Doc: Deploying Redpanda Connect on EKS using ArgoCD

Redpanda Connect on EKS using ArgoCD - IntVerse

Overview

Redpanda Connect, formerly known as Benthos (acquired by Redpanda), is a declarative data streaming service that solves a wide range of data engineering problems with simple, chained, stateless processing steps. It implements transaction-based resiliency with back pressure, so when connecting to at-least-once sources and sinks it’s able to guarantee at-least-once delivery without needing to persist messages during transit.

It’s simple to deploy, comes with a wide range of connectors, and is totally data agnostic, making it easy to drop into your existing infrastructure. Connect has functionality that overlaps with integration frameworks, log aggregators, and ETL workflow engines, and can therefore be used to complement these traditional data engineering tools or act as a simpler alternative.

Argo CD is a declarative, GitOps continuous delivery tool for Kubernetes. It pairs very well with Redpanda Connect and we will see how good the experience is in deploying and maintaining the Redpanda Connect components in this context.
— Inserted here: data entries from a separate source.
(* Let $P$ be an irreducible transition matrix on the finite set $S$, reversible with respect to $\pi$, with eigenvalues $\lambda_1=1$ and $\lambda_2,\dots,\lambda_n\le0$. Then $P$ efficiency-dominates $\Pi$, the transition matrix given by $\Pi(x,y)=\pi(y)$ for all $x,y\in S$ (i.i.d. sampling from $\pi$).
   Context: $S$ is a finite set with $|S|=n$, and $\pi$ is a probability distribution on $S$ with $\pi(x)>0$ for all $x$. A transition matrix $P$ is reversible with respect to $\pi$ if $\pi(x)P(x,y)=\pi(y)P(y,x)$ for all $x,y$ (its eigenvalues are then real); irreducible if every state can be reached from every other with positive probability in some number of steps. For a Markov chain $X_1,X_2,\dots$ with transition matrix $P$ and $X_1\sim\pi$, $v(f,P)=\lim_{N\to\infty}\frac1N\mathrm{Var}\big(\sum_{i=1}^N f(X_i)\big)$. $P$ efficiency-dominates $Q$ if $v(f,P)\le v(f,Q)$ for all $f:S\to\mathbb R$. *)

From HB Require Import structures.
From mathcomp Require Import all_boot all_order all_algebra.
From mathcomp Require Import all_classical all_reals all_analysis.

Set Implicit Arguments.
Unset Strict Implicit.
Unset Printing Implicit Defensive.

Import Order.TTheory GRing.Theory Num.Theory numFieldNormedType.Exports.
Local Open Scope classical_set_scope.
Local Open Scope ring_scope.

Section MarkovDefs.
Variable R : realType.
Variable n : nat.

Definition prob_dist (pi : 'I_n -> R) : Prop :=
  (forall x, 0 < pi x) /\ \sum_x pi x = 1.

Definition stochastic (P : 'M[R]_n) : Prop :=
  (forall x y, 0 <= P x y) /\ (forall x, \sum_y P x y = 1).

Definition reversible (pi : 'I_n -> R) (P : 'M[R]_n) : Prop :=
  forall x y, pi x * P x y = pi y * P y x.

Definition irreducible (P : 'M[R]_n) : Prop :=
  forall x y, exists k : nat, 0 < (P ^+ k) x y.

Definition iid_matrix (pi : 'I_n -> R) : 'M[R]_n := \matrix_(x, y) pi y.

Definition eigen_spectrum (P : 'M[R]_n) (lam : 'I_n -> R) : Prop :=
  char_poly P = \prod_(i < n) ('X - (lam i)%:P).

(* Law of the trajectory (X_1,...,X_N) of the chain with X_1 ~ pi. *)
Fixpoint chain_weight (P : 'M[R]_n) (x : 'I_n) (s : seq 'I_n) : R :=
  match s with
  | [::] => 1
  | y :: s' => P x y * chain_weight P y s'
  end.

Definition path_prob (pi : 'I_n -> R) (P : 'M[R]_n) (s : seq 'I_n) : R :=
  match s with
  | [::] => 1
  | x :: s' => pi x * chain_weight P x s'
  end.

Definition expect (pi : 'I_n -> R) (P : 'M[R]_n) (N : nat)
    (g : seq 'I_n -> R) : R :=
  \sum_(t : N.-tuple 'I_n) path_prob pi P t * g t.

Definition partial_sum (f : 'I_n -> R) (s : seq 'I_n) : R :=
  \sum_(x <- s) f x.

Definition var_sum (pi : 'I_n -> R) (P : 'M[R]_n) (f : 'I_n -> R) (N : nat) : R :=
  expect pi P N (fun s => partial_sum f s ^+ 2)
  - (expect pi P N (partial_sum f)) ^+ 2.

Definition has_asymp_var (pi : 'I_n -> R) (P : 'M[R]_n) (f : 'I_n -> R) (v : R)
  : Prop :=
  (fun N : nat => var_sum pi P f N / N%:R) @ \oo --> v.

Definition eff_dominates (pi : 'I_n -> R) (P Q : 'M[R]_n) : Prop :=
  forall f : 'I_n -> R, exists vP vQ : R,
    [/\ has_asymp_var pi P f vP, has_asymp_var pi Q f vQ & vP <= vQ].

End MarkovDefs.

From mathcomp Require Import all_boot all_order all_algebra.
From mathcomp Require Import all_classical all_reals all_analysis.
From mathcomp Require Import complex.
From mathcomp Require Import ring lra.
Import Order.TTheory GRing.Theory Num.Theory numFieldNormedType.Exports.
Local Open Scope classical_set_scope.
Local Open Scope ring_scope.

Set Implicit Arguments.
Unset Strict Implicit.
Unset Printing Implicit Defensive.

(* Centering f and conjugating P by diag (sqrt pi) turns the lag-k
   autocovariances of f(X_i) into quadratic forms <u, S^k u> of a real
   symmetric matrix S with the same spectrum as P.  The spectral theorem
   writes them as sum_j w_j e_j^k with w_j >= 0, and the weight on the
   eigenvalue 1 vanishes, because 1 is simple and u is orthogonal to its
   eigenvector sqrt pi.  Hence Var(f(X_1) + ... + f(X_N)) / N tends to
   sum_j w_j (1 + e_j) / (1 - e_j), which is at most sum_j w_j = Var_pi(f)
   = v(f, Pi) because all the remaining e_j lie in [-1, 0]. *)

Lemma big_tuple0 (V : nmodType) (X : finType) (F : 0.-tuple X -> V) :
  \sum_t F t = F [tuple].
Proof. by rewrite (big_pred1 [tuple]) // => t; apply/esym/eqP; exact: tuple0. Qed.

Lemma big_tuple_cons (V : nmodType) (X : finType) N (F : N.+1.-tuple X -> V) :
  \sum_t F t = \sum_x \sum_(t : N.-tuple X) F [tuple of x :: t].
Proof.
rewrite pair_big /= (reindex (fun p : X * N.-tuple X => [tuple of p.1 :: p.2])) /=.
  by apply: eq_bigr => -[x t].
exists (fun t : N.+1.-tuple X => (thead t, [tuple of behead t])).
  by move=> [x t] _ /=; rewrite theadE; congr pair; exact: val_inj.
by move=> t _ /=; rewrite -tuple_eta.
Qed.

Lemma char_poly_conj (F : comNzRingType) n (A V W : 'M[F]_n) :
  V *m W = 1%:M -> char_poly (V *m A *m W) = char_poly A.
Proof.
move=> VW; rewrite /char_poly.
have -> : char_poly_mx (V *m A *m W) =
    map_mx polyC V *m char_poly_mx A *m map_mx polyC W.
  rewrite /char_poly_mx !map_mxM mulmxBr mulmxBl; congr (_ - _).
  by rewrite scalar_mxC -mulmxA -map_mxM VW map_mx1 mulmx1.
by rewrite !det_mulmx mulrAC -det_mulmx -map_mxM VW map_mx1 det1 mul1r.
Qed.

Lemma reversible_stationary (R : realType) n (pi : 'I_n -> R) (P : 'M[R]_n) :
  (forall x, \sum_y P x y = 1) -> reversible pi P ->
  forall y, \sum_x pi x * P x y = pi y.
Proof.
move=> P_row_sum1 P_rev y; under eq_bigr do rewrite P_rev.
by rewrite -mulr_sumr P_row_sum1 mulr1.
Qed.

Lemma card_root_prod_XsubC (F : fieldType) m (e lam : 'I_m -> F) a :
  \prod_j ('X - (e j)%:P) = \prod_i ('X - (lam i)%:P) ->
  #|[pred j | e j == a]| = #|[pred i | lam i == a]|.
Proof.
move=> /(congr1 (mup a)); pose XsubC (x : F) := 'X - x%:P.
rewrite -(big_map e xpredT XsubC) -(big_map lam xpredT XsubC).
by rewrite !mu_prod_XsubC !count_map -!sum1_count !sum1_card.
Qed.

Lemma prod_XsubC_simple_root (F : fieldType) m (e lam : 'I_m -> F) a i1 :
  \prod_j ('X - (e j)%:P) = \prod_i ('X - (lam i)%:P) ->
  (forall i, lam i = a -> i = i1) ->
  forall j j', e j = a -> e j' = a -> j = j'.
Proof.
move=> /(card_root_prod_XsubC a) card_eq lam_a j j' ej ej'.
have : (#|[pred j | e j == a]| <= 1)%N.
  by rewrite card_eq; apply/card_le1_eqP => i i' /eqP/lam_a -> /eqP/lam_a ->.
by move/card_le1_eqP; apply; rewrite inE; apply/eqP.
Qed.

Lemma stochastic_eigenvalue_norm_le1 (R : realType) n (P : 'M[R]_n) a :
  stochastic P -> eigenvalue P a -> `|a| <= 1.
Proof.
move=> [P_ge0 P_row_sum1] /eigenvalueP [v vP v_neq0].
pose l1 := \sum_x `|v 0 x|.
have l1_gt0 : 0 < l1.
  rewrite lt_def sumr_ge0 // andbT; apply: contra v_neq0 => /eqP /psumr_eq0P v0.
  by apply/eqP/rowP => x; rewrite mxE; apply/normr0_eq0/v0.
rewrite -(ler_pM2r l1_gt0) mul1r mulr_sumr.
apply: (@le_trans _ _ (\sum_y \sum_x `|v 0 x| * P x y)).
  apply: ler_sum => y _; rewrite -normrM.
  have /rowP/(_ y) := vP; rewrite !mxE => <-.
  apply: le_trans (ler_norm_sum _ _ _) _; apply: ler_sum => x _.
  by rewrite normrM (ger0_norm (P_ge0 x y)).
by rewrite exchange_big /=; apply: ler_sum => x _; rewrite -mulr_sumr P_row_sum1 mulr1.
Qed.

Section EigenVariance.
Variable R : realType.

(* The variance of xi_1 + ... + xi_N for a stationary sequence with
   Cov(xi_i, xi_(i+k)) = e ^ k. *)
Definition eigen_var (N : nat) (e : R) : R :=
  \sum_(M < N) (1 + 2 * \sum_(k < M) e ^+ k.+1).

Lemma eigen_var_closed N e :
  (1 - e) ^+ 2 * eigen_var N e = N%:R * (1 - e ^+ 2) - 2 * e * (1 - e ^+ N).
Proof.
have geom M : (1 - e) * \sum_(k < M) e ^+ k.+1 = e - e ^+ M.+1.
  elim: M => [|M IH]; first by rewrite big_ord0 mulr0 expr1 subrr.
  by rewrite big_ord_recr /= mulrDr IH !exprS; ring.
elim: N => [|N IH].
  by rewrite /eigen_var big_ord0 mulr0 expr0 subrr mulr0 mul0r subr0.
have step : (1 - e) ^+ 2 * (1 + 2 * \sum_(k < N) e ^+ k.+1) =
    (1 - e) ^+ 2 + 2 * (1 - e) * (e - e ^+ N.+1) by rewrite -geom; ring.
rewrite /eigen_var big_ord_recr /= -/(eigen_var N e) mulrDr IH step -natr1.
by rewrite !exprS; ring.
Qed.

Lemma bounded_divn_cvg0 (u : nat -> R) (C : R) :
  (forall N, `|u N| <= C) -> u N / N%:R @[N --> \oo] --> 0.
Proof.
move=> u_le; apply/cvgr0Pnorm_le => eps eps_gt0; near=> N.
have N_gt0 : 0 < N%:R :> R by rewrite ltr0n; near: N; exact: nbhs_infty_gt.
rewrite normrM normfV normr_nat ler_pdivrMr // (le_trans (u_le N)) //.
by rewrite -ler_pdivrMl //; near: N; exact: nbhs_infty_ger.
Unshelve. all: by end_near.
Qed.

Lemma eigen_var_cvg e : -1 <= e < 1 ->
  eigen_var N e / N%:R @[N --> \oo] --> (1 + e) / (1 - e).
Proof.
move=> /andP[e_ge e_lt1].
have e_neq1 : 1 - e != 0 by rewrite subr_eq0 gt_eqF.
pose c := 2 * e / (1 - e) ^+ 2.
have closed_form : {near \oo, (fun N => (1 + e) / (1 - e) - c * ((1 - e ^+ N) / N%:R))
    =1 (fun N => eigen_var N e / N%:R)}.
  near=> N; have N_neq0 : N%:R != 0 :> R.
    by rewrite pnatr_eq0 -lt0n; near: N; exact: nbhs_infty_gt.
  rewrite -[eigen_var N e](mulKf (expf_neq0 2 e_neq1)) eigen_var_closed /c.
  by field; rewrite N_neq0 e_neq1.
apply: cvg_trans (near_eq_cvg closed_form) _.
have bounded N : `|1 - e ^+ N| <= 2.
  apply: le_trans (ler_normB _ _) _; rewrite normr1 normrX.
  have : `|e| ^+ N <= 1 by rewrite exprn_ile1 // ler_norml e_ge ltW.
  lra.
have := cvgB (cvg_cst ((1 + e) / (1 - e)))
  (cvgM (cvg_cst c) (bounded_divn_cvg0 bounded)).
by rewrite mulr0 subr0; apply.
Unshelve. all: by end_near.
Qed.

Lemma spectral_var_cvg m (w e : 'I_m -> R) (v : nat -> R) :
  (forall j, w j != 0 -> -1 <= e j < 1) ->
  (forall N, v N = \sum_j w j * eigen_var N (e j)) ->
  v N / N%:R @[N --> \oo] --> \sum_j w j * ((1 + e j) / (1 - e j)).
Proof.
move=> e_range vE; under eq_cvg do rewrite vE mulr_suml.
apply: cvg_big => [|j _]; first exact: add_continuous.
have [->|w_neq0] := eqVneq (w j) 0.
  by under eq_cvg do rewrite !mul0r; rewrite mul0r; exact: cvg_cst.
under eq_cvg do rewrite -mulrA.
by apply: cvgM; [exact: cvg_cst | exact/eigen_var_cvg/e_range].
Qed.

Lemma spectral_var_le m (w e : 'I_m -> R) :
  (forall j, 0 <= w j) -> (forall j, w j != 0 -> e j <= 0) ->
  \sum_j w j * ((1 + e j) / (1 - e j)) <= \sum_j w j.
Proof.
move=> w_ge0 e_le0; apply: ler_sum => j _.
have [->|/e_le0 e_le] := eqVneq (w j) 0; first by rewrite mul0r.
by rewrite ler_piMr // ler_pdivrMr ?mul1r; lra.
Qed.

End EigenVariance.

Section ChainMoments.
Variables (R : realType) (n : nat).

Definition mxapp (A : 'M[R]_n) (v : 'I_n -> R) (x : 'I_n) : R :=
  \sum_y A x y * v y.

Definition mean (pi f : 'I_n -> R) : R := \sum_x pi x * f x.

Definition autocov (pi : 'I_n -> R) (T : 'M[R]_n) (f : 'I_n -> R) (k : nat) : R :=
  \sum_x pi x * f x * mxapp (T ^+ k) f x - mean pi f ^+ 2.

(* The expectation of g (X_2, ..., X_(N+1)) given X_1 = x. *)
Definition expect_from (T : 'M[R]_n) (N : nat) (x : 'I_n) (g : seq 'I_n -> R) : R :=
  \sum_(t : N.-tuple 'I_n) chain_weight T x t * g t.

Lemma mxappM A B v x : mxapp (A *m B) v x = mxapp A (mxapp B v) x.
Proof.
rewrite /mxapp; under eq_bigr do rewrite mxE mulr_suml.
rewrite exchange_big /=; apply: eq_bigr => y _.
by rewrite mulr_sumr; apply: eq_bigr => z _; rewrite mulrA.
Qed.

Lemma mxapp1 v x : mxapp 1%:M v x = v x.
Proof.
rewrite /mxapp (bigD1 x) //= big1 ?addr0 => [|y yx]; first by rewrite mxE eqxx mul1r.
by rewrite mxE eq_sym (negbTE yx) mul0r.
Qed.

Lemma mxappB A v w x :
  mxapp A (fun y => v y - w y) x = mxapp A v x - mxapp A w x.
Proof. by rewrite /mxapp -sumrB; apply: eq_bigr => y _; rewrite mulrBr. Qed.

Lemma expect_from0 T x g : expect_from T 0 x g = g [::].
Proof. by rewrite /expect_from big_tuple0 mul1r. Qed.

Lemma expect_fromS T N x g :
  expect_from T N.+1 x g = \sum_y T x y * expect_from T N y (fun t => g (y :: t)).
Proof.
rewrite /expect_from big_tuple_cons; apply: eq_bigr => y _.
by rewrite mulr_sumr; apply: eq_bigr => t _; rewrite mulrA.
Qed.

Lemma eq_expect_from T N x g h :
  g =1 h -> expect_from T N x g = expect_from T N x h.
Proof. by move=> gh; apply: eq_bigr => t _; rewrite gh. Qed.

Lemma partial_sum_cons (f : 'I_n -> R) y s :
  partial_sum f (y :: s) = f y + partial_sum f s.
Proof. exact: big_cons. Qed.

Lemma expect_fromD T N x g h :
  expect_from T N x (fun t => g t + h t) = expect_from T N x g + expect_from T N x h.
Proof. by rewrite -big_split; apply: eq_bigr => t _; rewrite mulrDr. Qed.

Lemma expect_fromZ T N x c g :
  expect_from T N x (fun t => c * g t) = c * expect_from T N x g.
Proof. by rewrite mulr_sumr; apply: eq_bigr => t _; rewrite mulrCA. Qed.

Lemma expectS pi T N g :
  expect pi T N.+1 g = \sum_y pi y * expect_from T N y (fun t => g (y :: t)).
Proof.
rewrite /expect big_tuple_cons; apply: eq_bigr => y _.
by rewrite mulr_sumr; apply: eq_bigr => t _; rewrite mulrA.
Qed.

Variables (pi : 'I_n -> R) (T : 'M[R]_n).
Hypotheses (pi_sum1 : \sum_x pi x = 1)
  (pi_stationary : forall y, \sum_x pi x * T x y = pi y)
  (T_row_sum1 : forall x, \sum_y T x y = 1).

Lemma expect_from_cst N x c : expect_from T N x (fun=> c) = c.
Proof.
elim: N x => [|N IH] x; first by rewrite expect_from0.
by rewrite expect_fromS; under eq_bigr do rewrite IH; rewrite -mulr_suml T_row_sum1 mul1r.
Qed.

Lemma mean_mxapp_expr k v : mean pi (mxapp (T ^+ k) v) = mean pi v.
Proof.
elim: k v => [|k IH] v; first by apply: eq_bigr => x _; rewrite expr0 mxapp1.
rewrite exprS -mulmxE /mean -[RHS]IH; under eq_bigr do rewrite mxappM.
rewrite /mxapp; under eq_bigr do rewrite mulr_sumr.
rewrite exchange_big /=; apply: eq_bigr => y _.
by rewrite -pi_stationary mulr_suml; apply: eq_bigr => x _; rewrite mulrA.
Qed.

Lemma expect_stationary N g :
  expect pi T N g = \sum_x pi x * expect_from T N x g.
Proof.
case: N => [|N].
  rewrite /expect big_tuple0 /= mul1r.
  by under eq_bigr do rewrite expect_from0; rewrite -mulr_suml pi_sum1 mul1r.
rewrite expectS; under [RHS]eq_bigr do rewrite expect_fromS mulr_sumr.
rewrite exchange_big /=; apply: eq_bigr => y _.
by rewrite -pi_stationary mulr_suml; apply: eq_bigr => x _; rewrite mulrA.
Qed.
In this document, we will walk through the steps of deploying Redpanda Connect on an Amazon EKS cluster using ArgoCD.  The process involves fetching the Benthos Helm chart, uploading Helm chart manifests to GitHub, modifying the ConfigMap in Bitbucket, and deploying through ArgoCD.

Prerequisites

1. Amazon EKS Cluster: Ensure you have an EKS cluster running.

2. ArgoCD: Installed and configured on your EKS cluster.

3. Kubectl: Installed and configured to interact with your EKS cluster.

4. Helm: Installed for fetching and managing Helm charts.

5. GitHub Account: For storing Helm chart manifests.

6. Bitbucket Account: For managing ConfigMap modifications.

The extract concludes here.